Concerttoelichting
PROGRAMMA
dirigent Luis Castillo-Briceño orgel Cameron Carpenter piano Ralph van Raat
Samy Moussa (1984)
A Globe Itself Infolding voor orgel en orkest (2014) Nederlandse première
Heather Pinkham (1989) Nowhere and No-When voor piano en orkest (2018) Nederlandse première
• I.
• II. pauze
Camille Saint-Saëns (1835–1921)
Symfonie nr. 3 in c, op. 78 ‘Orgelsymfonie’ (1886)
• Adagio – Allegro moderato –Poco adagio
• Allegro moderato – Presto –Maestoso – Allegro
Einde concert ca. 22.00 uur

Cover: Orgelpijpen. Foto Greg Willson (Unsplash)
Vorige uitvoeringen door ons orkest:
Moussa A Globe Itself Infolding: eerste uitvoering door ons orkest
Pinkham Nowhere and No-When: eerste uitvoering door ons orkest
Saint-Saëns Symfonie nr. 3: Nov 2018, orgel
Geert Bierling, dirigent Michel Plasson
Een uur voor aanvang van het concert geeft Bart de Graaf een inleiding op het programma, toegang € 7,50. Kaartjes zijn aan de zaal te verkrijgen tegen pinbetaling.
Voor Vrienden is de inleiding gratis.

Parijs in 1886, het jaar dat Saint-Saëns er zijn Derde symfonie schreef. Schilderij van Vincent van Gogh, coll. Van Gogh Museum, Amsterdam
Hemel, aarde en sterren
Het orgel, koning der instrumenten, brengt ons in kerken en kathedralen in contact met het hemelse. Het symfonieorkest verklankt in concertzalen de zielenroerselen van stervelingen. In dit concert komen die twee werelden samen, terwijl de piano op onderzoek gaat tussen de sterren.
Eeuwig tussen hemel en aarde Sammy Moussa, een van de grote Canadese componisten van zijn generatie, versmelt met A Globe Itself Infolding uit 2016 het hemelse en het aardse. De poëzie van de ‘vrome religiecriticus’ William Blake en het visioen van profeet Ezechiël in het Oude Testament (Ezechiël I:4-6 en 15-16) vormen daarbij de leidraad. Blake omschreef in zijn epische gedicht Milton ‘a globe itself infolding, like a sun’ en Ezechiël zag ‘een wiel dat draait in een wiel’ en vuur dat in zichzelf vouwt.

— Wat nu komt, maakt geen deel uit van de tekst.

(* Let $n,r,k$ be positive integers with $n\ge 2r$. Then $\gamma_{\times k,t}(K(n,r))=k+r$ if and only if $n\ge r(k+r)$. Moreover, for every $n\ge r(k+r)$, every $k$-tuple total dominating set of $K(n,r)$ of cardinality $\gamma_{\times k,t}(K(n,r))$ is a clique (i.e., consists of pairwise disjoint $r$-sets).
   Context: For integers $n\ge 2r$, the Kneser graph $K(n,r)$ has as vertices the $r$-element subsets of $[n]=\{1,\dots,n\}$, two vertices being adjacent iff they are disjoint. For a graph $G$ and positive integer $k$, a set $D\subseteq V(G)$ is a $k$-tuple total dominating set if $|N_G(u)\cap D|\ge k$ for every $u\in V(G)$ ($N_G(u)$ the open neighborhood); $\gamma_{\times k,t}(G)$ is the minimum cardinality of such a set (defined when the minimum degree of $G$ is at least $k$). *)

From mathcomp Require Import all_boot.
Set Implicit Arguments. Unset Strict Implicit. Unset Printing Implicit Defensive.

Definition open_nbhd (T : finType) (adj : rel T) (u : T) : {set T} :=
  [set v | adj u v].

Definition ktuple_tds (T : finType) (adj : rel T) (k : nat) (D : {set T}) : Prop :=
  forall u : T, k <= #|open_nbhd adj u :&: D|.

(* Convention: if no such set exists (the parameter is undefined), the value
   is 0; this never equals a positive number such as k + r. *)
Definition gamma_ktuple_total (T : finType) (adj : rel T) (k : nat) : nat :=
  if [pick D : {set T} | [forall u, k <= #|open_nbhd adj u :&: D|]] is Some D0
  then #|[arg min_(D < D0 | [forall u, k <= #|open_nbhd adj u :&: D|]) #|D|]|
  else 0.

Definition kneser_vertex (n r : nat) := {A : {set 'I_n} | #|A| == r}.

Definition kneser_adj (n r : nat) : rel (kneser_vertex n r) :=
  fun A B => [disjoint val A & val B].

Definition is_clique (T : finType) (adj : rel T) (D : {set T}) : Prop :=
  forall u v, u \in D -> v \in D -> u != v -> adj u v.

From mathcomp Require Import all_boot zify.
Set Implicit Arguments. Unset Strict Implicit. Unset Printing Implicit Defensive.

(* A vertex u of K(n,r) is adjacent to no member of D that it meets.  Hence if
   some S ⊆ D is pierced by at most r points, extending these points to an
   r-set u shows |D| >= k + |S|.  Any r members of D are pierced by r points,
   so |D| >= k + r; if two members of D intersect, then they and r - 1 further
   members are pierced by r points, so |D| >= k + r + 1.  Thus a k-tuple total
   dominating set of size k + r is a family of k + r pairwise disjoint r-sets,
   which needs r(k + r) <= n.  Conversely such a family dominates, because an
   r-set meets at most r of its members. *)

Section CardSubsets.
Variable T : finType.

Lemma exists_subset_card (A : {set T}) m :
  m <= #|A| -> exists2 S : {set T}, S \subset A & #|S| = m.
Proof.
rewrite -bin_gt0 -cards_draws => /card_gt0P[S].
by rewrite inE => /andP[sSA /eqP cS]; exists S.
Qed.

Lemma exists_superset_card (H : {set T}) m :
  #|H| <= m <= #|T| -> exists2 U : {set T}, H \subset U & #|U| = m.
Proof.
move=> /andP[Hm mT].
have [C sCH cC] : exists2 C : {set T}, C \subset ~: H & #|C| = #|T| - m.
  by apply: exists_subset_card; have := cardsC H; lia.
by exists (~: C); [rewrite subsetC | have := cardsC C; lia].
Qed.

Lemma trivIset_card_meet (P : {set {set T}}) (U : {set T}) :
  trivIset P -> #|[set A in P | ~~ [disjoint A & U]]| <= #|U|.
Proof.
move=> tP; apply: leq_trans (leq_imset_card (pblock P) U).
apply/subset_leq_card/subsetP => A; rewrite inE => /andP[AP /pred0Pn[x /andP[xA xU]]].
by apply/imsetP; exists x; rewrite // (def_pblock tP AP xA).
Qed.

End CardSubsets.

Section GammaKTupleTotal.
Variables (T : finType) (adj : rel T) (k : nat).

Lemma gamma_ktuple_total_eq m :
  (exists2 D, ktuple_tds adj k D & #|D| = m) ->
  (forall D, ktuple_tds adj k D -> m <= #|D|) ->
  gamma_ktuple_total adj k = m.
Proof.
move=> [D1 tD1 cD1] minm; rewrite /gamma_ktuple_total.
case: pickP => [D0 tD0 | none]; last by have := none D1; rewrite (introT forallP tD1).
case: arg_minnP => // D /forallP tD minD.
by apply/eqP; rewrite eqn_leq minm // -cD1 minD //; apply/forallP.
Qed.

Lemma gamma_ktuple_total_gt0 :
  0 < gamma_ktuple_total adj k ->
  exists2 D, ktuple_tds adj k D & #|D| = gamma_ktuple_total adj k.
Proof.
rewrite /gamma_ktuple_total; case: pickP => // D0 tD0 _.
by case: arg_minnP => // D /forallP tD _; exists D.
Qed.

End GammaKTupleTotal.

Section KneserGraph.
Variables n r : nat.
Hypothesis r_gt0 : 0 < r.

Local Notation V := (kneser_vertex n r).
Local Notation adj := (@kneser_adj n r).

Lemma card_kneser_vertex (B : V) : #|val B| = r.
Proof. exact/eqP/(valP B). Qed.

Lemma exists_transversal (S : {set V}) :
  exists2 H : {set 'I_n}, #|H| <= #|S| &
    forall B, B \in S -> ~~ [disjoint val B & H].
Proof.
have inhB (B : V) : exists x, x \in val B.
  by apply/card_gt0P; rewrite card_kneser_vertex.
exists ((fun B => xchoose (inhB B)) @: S) => [|B BS]; first exact: leq_imset_card.
by apply/pred0Pn; exists (xchoose (inhB B)); rewrite /= imset_f // andbT; apply: xchooseP.
Qed.

Lemma ktuple_tds_card_transversal k (D S : {set V}) (H : {set 'I_n}) :
  r <= n -> ktuple_tds adj k D -> S \subset D -> #|H| <= r ->
  (forall B, B \in S -> ~~ [disjoint val B & H]) -> k + #|S| <= #|D|.
Proof.
move=> le_rn tdsD sSD cH hitS.
have [U sHU /eqP cU] : exists2 U : {set 'I_n}, H \subset U & #|U| = r.
  by apply: exists_superset_card; rewrite cH card_ord le_rn.
pose u : V := Sub U cU.
have nbhd_sub : open_nbhd adj u :&: D \subset D :\: S.
  apply/subsetP => B; rewrite !inE => /andP[uB ->]; rewrite andbT.
  apply: contraL uB => /hitS; apply: contra => disj_uB.
  by rewrite disjoint_sym (disjointWl sHU).
have := leq_trans (tdsD u) (subset_leq_card nbhd_sub).
by rewrite cardsD (setIidPr sSD) addnC -leq_subRL // subset_leq_card.
Qed.

Section KTupleTDS.
Variable k : nat.
Hypotheses (k_gt0 : 0 < k) (r_le_n : r <= n).

Lemma ktuple_tds_card_ge (D : {set V}) : ktuple_tds adj k D -> k + r <= #|D|.
Proof.
move=> tdsD.
have [S sSD cS] := exists_subset_card (geq_minr r #|D|).
have [H cH hitS] := exists_transversal S.
have := ktuple_tds_card_transversal r_le_n tdsD sSD _ hitS.
by rewrite cS in cH *; lia.
Qed.

Lemma ktuple_tds_small_clique (D : {set V}) :
  ktuple_tds adj k D -> #|D| <= k + r -> is_clique adj D.
Proof.
move=> tdsD cD B1 B2 B1D B2D B12; apply: contraT => /pred0Pn[x /andP[/= xB1 xB2]].
have [S' sS' cS'] : exists2 S' : {set V}, S' \subset D :\: [set B1; B2] & #|S'| = r.-1.
  apply: exists_subset_card.
  rewrite cardsD (setIidPr _) ?cards2 ?B12; last by rewrite subUset !sub1set B1D.
  by have := ktuple_tds_card_ge tdsD; lia.
move: sS'; rewrite subsetD disjoint_sym => /andP[sS'D disjS'].
have [H cH hitS'] := exists_transversal S'.
have hit B : B \in [set B1; B2] :|: S' -> ~~ [disjoint val B & x |: H].
  rewrite in_setU in_set2 => /orP[/orP[]/eqP-> | /hitS'].
  - by apply/pred0Pn; exists x; rewrite /= xB1 setU11.
  - by apply/pred0Pn; exists x; rewrite /= xB2 setU11.
  - by apply: contra; apply: disjointWr (subsetU1 x H).
have cS : #|[set B1; B2] :|: S'| = r.+1.
  by rewrite cardsU (disjoint_setI0 disjS') cards0 cards2 B12 cS'; lia.
have cxH : #|x |: H| <= r by rewrite cardsU1; have := leq_b1 (x \notin H); lia.
have sSD : [set B1; B2] :|: S' \subset D by rewrite !subUset !sub1set B1D B2D sS'D.
by have := ktuple_tds_card_transversal r_le_n tdsD sSD cxH hit; rewrite cS; lia.
Qed.

End KTupleTDS.

Lemma trivIset_clique (D : {set V}) : is_clique adj D -> trivIset (val @: D).
Proof.
move=> clD; apply/trivIsetP => _ _ /imsetP[B BD ->] /imsetP[C CD ->] neBC.
by apply: clD => //; apply: contraNneq neBC => ->.
Qed.

Lemma card_cover_clique (D : {set V}) :
  is_clique adj D -> #|cover (val @: D)| = #|D| * r.
Proof.
move=> /trivIset_clique/eqP <-; rewrite big_imset /=; last exact: in2W val_inj.
by rewrite (eq_bigr (fun=> r)) ?sum_nat_const // => B _; apply: card_kneser_vertex.
Qed.

Lemma clique_card_mul (D : {set V}) : is_clique adj D -> #|D| * r <= n.
Proof.
by move/card_cover_clique <-; have := max_card (cover (val @: D)); rewrite card_ord.
Qed.

Lemma clique_ktuple_tds (D : {set V}) :
  is_clique adj D -> ktuple_tds adj (#|D| - r) D.
Proof.
move=> clD u; pose S := [set B : V | ~~ [disjoint val B & val u]].
have cDS : #|D :&: S| <= r.
  rewrite -(card_imset _ val_inj) -[X in _ <= X](card_kneser_vertex u).
  apply: leq_trans (trivIset_card_meet (val u) (trivIset_clique clD)).
  apply/subset_leq_card/subsetP => A /imsetP[B]; rewrite !inE => /andP[BD hit] ->.
  by rewrite imset_f.
have -> : open_nbhd adj u :&: D = D :\: S.
  by apply/setP => B; rewrite !inE negbK disjoint_sym andbC.
by rewrite leq_subLR -[X in X <= _](cardsID S D) leq_add2r.
Qed.

Lemma exists_clique m :
  m * r <= n -> exists2 D : {set V}, is_clique adj D & #|D| = m.
Proof.
elim: m => [_ | m IHm hm]; first by exists set0 => [? ?|]; rewrite ?inE ?cards0.
have [D clD cD] : exists2 D : {set V}, is_clique adj D & #|D| = m.
  by apply: IHm; apply: leq_trans hm; rewrite leq_mul2r leqnSn orbT.
have [U sU /eqP cU] : exists2 U : {set 'I_n}, U \subset ~: cover (val @: D) & #|U| = r.
  apply: exists_subset_card.
  by rewrite cardsCs setCK card_ord card_cover_clique // cD; rewrite mulSn in hm; lia.
pose u : V := Sub U cU.
have disj_u B : B \in D -> adj u B.
  move=> BD; rewrite /kneser_adj disjoints_subset (subset_trans sU) // setCS.
  by apply: (bigcup_sup (val B)); apply: imset_f.
have uD : u \notin D.
  apply/negP => /disj_u /=.
  have /card_gt0P[x xU] : 0 < #|U| by rewrite (eqP cU).
  by move/disjointFr/(_ xU); rewrite xU.
exists (u |: D); last by rewrite cardsU1 uD cD.
move=> B C; rewrite !inE => /orP[/eqP->|BD] /orP[/eqP->|CD] neBC.
- by rewrite eqxx in neBC.
- exact: disj_u.
- by rewrite /kneser_adj disjoint_sym; apply: disj_u.
- exact: clD.
Qed.

End KneserGraph.

Theorem theorem3p2 (n r k : nat) :
  0 < n -> 0 < r -> 0 < k -> 2 * r <= n ->
  (gamma_ktuple_total (@kneser_adj n r) k = k + r <-> r * (k + r) <= n) /\
  (r * (k + r) <= n ->
     forall D : {set kneser_vertex n r},
       ktuple_tds (@kneser_adj n r) k D ->
       #|D| = gamma_ktuple_total (@kneser_adj n r) k ->
       is_clique (@kneser_adj n r) D).
Proof.
move=> _ r_gt0 k_gt0 le2rn; have le_rn : r <= n by lia.
have gamma_eq : r * (k + r) <= n -> gamma_ktuple_total (@kneser_adj n r) k = k + r.
  rewrite mulnC => /(exists_clique r_gt0)[D clD cD].
  apply: gamma_ktuple_total_eq => [|D' tD']; last exact: ktuple_tds_card_ge tD'.
  by exists D; rewrite // -[k](addnK r) -cD; apply: clique_ktuple_tds.
split; [split=> // gamma_kr | move=> le_n D tD cD].
- have [D tD cD] : exists2 D, ktuple_tds (@kneser_adj n r) k D & #|D| = k + r.
    by rewrite -gamma_kr; apply: gamma_ktuple_total_gt0; rewrite gamma_kr; lia.
  rewrite mulnC -cD; apply: clique_card_mul.
  by apply: (ktuple_tds_small_clique r_gt0 k_gt0 le_rn tD); rewrite cD.
- by apply: (ktuple_tds_small_clique r_gt0 k_gt0 le_rn tD); rewrite cD gamma_eq.
Qed.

In de eerste helft van het stuk speelt het orgel als een onafhankelijke kracht tegen de achtergrond van het orkest, totdat het na een korte cadens geleidelijk aan het orkest wordt ingezogen. Halverwege raken de rollen omgekeerd. ‘Het orgel geeft alle impulsen, maar er is een zekere ambiguïteit aan zijn palet toegevoegd: je vraagt je soms af of de kleuren van het orgel vermengen met die van het orkest of dat het juist het orkest is dat het orgel kleurt’, aldus Moussa. Het stuk eindigt zoals het begint, waardoor een ‘loop’ ontstaat en de muziek tot in de eeuwigheid kan klinken.
Boodschap tussen de sterren
De in Nederland woonachtige Californische pianist, componist en musicoloog Heather
Pinkham richtte haar blik op de sterren met haar pianoconcert Nowhere and No-When uit 2018. Ze schreef het voor Ralph van Raat, die zich als pianist én piloot graag tussen hemel en aarde beweegt. Het uitgangspunt van de compositie is de Fermi-paradox, die de grote statistische waarschijnlijkheid van het bestaan van intelligent buitenaards leven contrasteert met het gebrek aan bewijs daarvoor.

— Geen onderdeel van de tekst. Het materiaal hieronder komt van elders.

(* Let $m\ge1$ and $B_{m,p}=\frac{1}{p+2}\binom{2p+2}{p+1}m^{p+1}$. Then $$\mathbf N^{\mathcal B}_m(z)=\frac{1}{2mz^2}\sum_{p\ge0}B_{m,p}\left(\sqrt{1-4mz+4mz^{p+2}}-\sqrt{1-4mz}\right)$$ and $$\mathbf E^{\mathcal B}_m(z)=\frac{3}{2mz^2}\sum_{p\ge1}\frac{p}{2p+1}B_{m,p}\left(\sqrt{1-4mz+4mz^{p+2}}-\sqrt{1-4mz}\right).$$
   Context: An $m$-labeled binary tree is a non-empty finite rooted tree with node labels in $\{1,\dots,m\}$ in which every node has an optional left and an optional right child (distinguished); its size is its number of edges; $\mathcal B_{m,n}$ is the set of such trees of size $n$ (so $|\mathcal B_{m,p}|=B_{m,p}$). For such a tree $t$, its minimal dag has as nodes the distinct subtrees of $t$ (subtree = a node with all its descendants) and an edge from the node of a subtree to the node of each of its non-empty left/right subtrees; $\|\mathrm{dag}(t)\|$ is the number of distinct subtrees of $t$ and $|\mathrm{dag}(t)|$ is the sum over distinct subtrees of $t$ of the number of children of their root. Define $\mathbf N^{\mathcal B}_m(z)=\sum_{n\ge0}\big(\sum_{t\in\mathcal B_{m,n}}\|\mathrm{dag}(t)\|\big)z^n$ and $\mathbf E^{\mathcal B}_m(z)=\sum_{n\ge0}\big(\sum_{t\in\mathcal B_{m,n}}|\mathrm{dag}(t)|\big)z^n$. *)

From HB Require Import structures.
From mathcomp Require Import all_boot all_order all_algebra.
Set Implicit Arguments. Unset Strict Implicit. Unset Printing Implicit Defensive.
Import Order.TTheory GRing.Theory Num.Theory.

(* Binary trees: [BLeaf] is the empty tree (absent child); an m-labeled binary
   tree is a tree [BNode a l r] (non-empty) all of whose labels lie in {1..m}. *)
Inductive bt := BLeaf | BNode of nat & bt & bt.

Lemma bt_eq_dec : forall x y : bt, {x = y} + {x <> y}.
Proof. decide equality; exact: (fun a b : nat => decP (@eqP _ a b)). Qed.

HB.instance Definition _ := comparableMixin bt_eq_dec.

Fixpoint labels_ok (m : nat) (t : bt) : bool :=
  match t with
  | BLeaf => true
  | BNode a l r => [&& 1 <= a <= m, labels_ok m l & labels_ok m r]
  end.

Definition is_mtree (m : nat) (t : bt) : bool := (t != BLeaf) && labels_ok m t.

Fixpoint nnodes (t : bt) : nat :=
  match t with BLeaf => 0 | BNode _ l r => (nnodes l + nnodes r).+1 end.

(* size = number of edges = number of nodes - 1 (for non-empty trees) *)
Definition bsize (t : bt) : nat := (nnodes t).-1.

Fixpoint subtrees (t : bt) : seq bt :=
  match t with BLeaf => [::] | BNode _ l r => t :: (subtrees l ++ subtrees r) end.

Definition nchildren (t : bt) : nat :=
  match t with BLeaf => 0 | BNode _ l r => (l != BLeaf) + (r != BLeaf) end.

Definition dag_nodes (t : bt) : nat := size (undup (subtrees t)).
Definition dag_edges (t : bt) : nat := \sum_(u <- undup (subtrees t)) nchildren u.

Local Open Scope ring_scope.

Definition fps := nat -> rat.
Definition fmul (f g : fps) : fps := fun n => \sum_(i < n.+1) f i * g (n - i)%N.

(* coefficients of 1 - 4 m z + 4 m z^(p+2) *)
Definition Qp (m p : nat) : fps := fun k =>
  (k == 0)%:R - 4 * m%:R * (k == 1)%:R + 4 * m%:R * (k == p.+2)%:R.
(* coefficients of 1 - 4 m z *)
Definition Q0 (m : nat) : fps := fun k => (k == 0)%:R - 4 * m%:R * (k == 1)%:R.

Definition Bmp (m p : nat) : rat :=
  'C(p.*2.+2, p.+1)%:R / p.+2%:R * m%:R ^+ p.+1.

From HB Require Import structures.
From mathcomp Require Import all_boot all_order all_algebra.
From mathcomp Require Import ring lra zify.
Set Implicit Arguments. Unset Strict Implicit. Unset Printing Implicit Defensive.
Import Order.TTheory GRing.Theory Num.Theory.
Local Open Scope ring_scope.

(* Fix a tree u with p+1 nodes and let A_u(z) count, by number of nodes, the
   m-labeled trees (the empty one included) in which u does not occur as a
   subtree.  Splitting a tree at its root gives A_u = 1 + m z A_u^2 - z^(p+1),
   i.e. (1 - 2 m z A_u)^2 = 1 - 4 m z + 4 m z^(p+2): the series 1 - 2 m z A_u is
   the square root S_p, and for u empty it is T.  Hence the number of trees of
   size n containing u is [z^(n+2)] (S_p - T) / (2 m), independently of u.
   Counting each distinct subtree of each tree once amounts to summing this over
   all trees u with p+1 nodes, weighted by 1 for ||dag|| and by the number of
   children of the root of u for |dag|; there are B_{m,p} such trees u (their
   generating function is the Catalan one), and their roots have
   3p/(2p+1) B_{m,p} children in total. *)

Lemma sum_eq_indicator (T : eqType) (R : pzSemiRingType) (s : seq T) x :
  uniq s -> \sum_(y <- s) (y == x)%:R = (x \in s)%:R :> R.
Proof.
move=> s_uniq; rewrite -count_uniq_mem // -sum1_count natr_sum [RHS]big_mkcond.
by apply: eq_bigr => y _ /=; case: eqP.
Qed.

Lemma big_partition_nat (T : Type) (R : nmodType) (s : seq T) (f : T -> nat) k
    (G : T -> R) :
  \sum_(x <- s | (f x <= k)%N) G x = \sum_(i < k.+1) \sum_(x <- s | f x == i) G x.
Proof.
rewrite [RHS](exchange_big_dep predT) //= big_mkcond; apply: eq_bigr => x _.
rewrite (eq_bigl (fun i : 'I_k.+1 => i == f x :> nat)); last by move=> i; rewrite eq_sym.
by rewrite (big_ord1_eq _ (fun=> G x)) ltnS.
Qed.

Lemma big_pairs_partition (T : Type) (R : nmodType) (s : seq T) (f : T -> nat) k
    (G : T -> T -> R) :
  \sum_(x <- s) \sum_(y <- s | (f x + f y)%N == k) G x y =
  \sum_(i < k.+1) \sum_(x <- s | f x == i) \sum_(y <- s | f y == (k - i)%N) G x y.
Proof.
rewrite [RHS](exchange_big_dep predT) //=; apply: eq_bigr => x _.
rewrite (eq_bigl (fun i : 'I_k.+1 => i == f x :> nat)); last by move=> i; rewrite eq_sym.
rewrite (big_ord1_eq _ (fun i => \sum_(y <- s | f y == (k - i)%N) G x y)) ltnS.
case: leqP => [le_xk|lt_kx].
  by apply: eq_bigl => y; rewrite -(eqn_add2l (f x) (f y)) subnKC.
by rewrite big_mkcond big1 // => y _; rewrite gtn_eqF // ltn_addr.
Qed.

Lemma fmul_sqrS (f : fps) k :
  fmul f f k.+1 = 2 * f 0%N * f k.+1 + \sum_(i < k) f i.+1 * f (k - i)%N.
Proof.
rewrite /fmul big_ord_recl big_ord_recr /= subn0 subnn.
under eq_bigr => i _ do rewrite /bump /= add1n subSS.
rewrite (mulrC (f k.+1)); ring.
Qed.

Het stuk in twee titelloze delen begint met het geluid van de sterren: een NASA-opname van de lichtkromme van een van de Keplersterren, die is omgezet naar hoorbaar geluid. Dit signaal wordt door de solist overgenomen, waarna pauken, fluiten, klarinetten en strijkers de imitatie volgen. Dan expandeert de muziek in een eigen klankwereld, waarbij de piano de rol van onderzoeker vervult. In het tweede deel begint de piano alleen, wat de mogelijkheid van de Fermi-paradox symboliseert dat we als mensheid volstrekt alleen zijn in het universum. In deze passage heeft de componist een gecodeerde boodschap verborgen, die uw auteur ondanks verwoede pogingen helaas niet heeft weten te ontcijferen.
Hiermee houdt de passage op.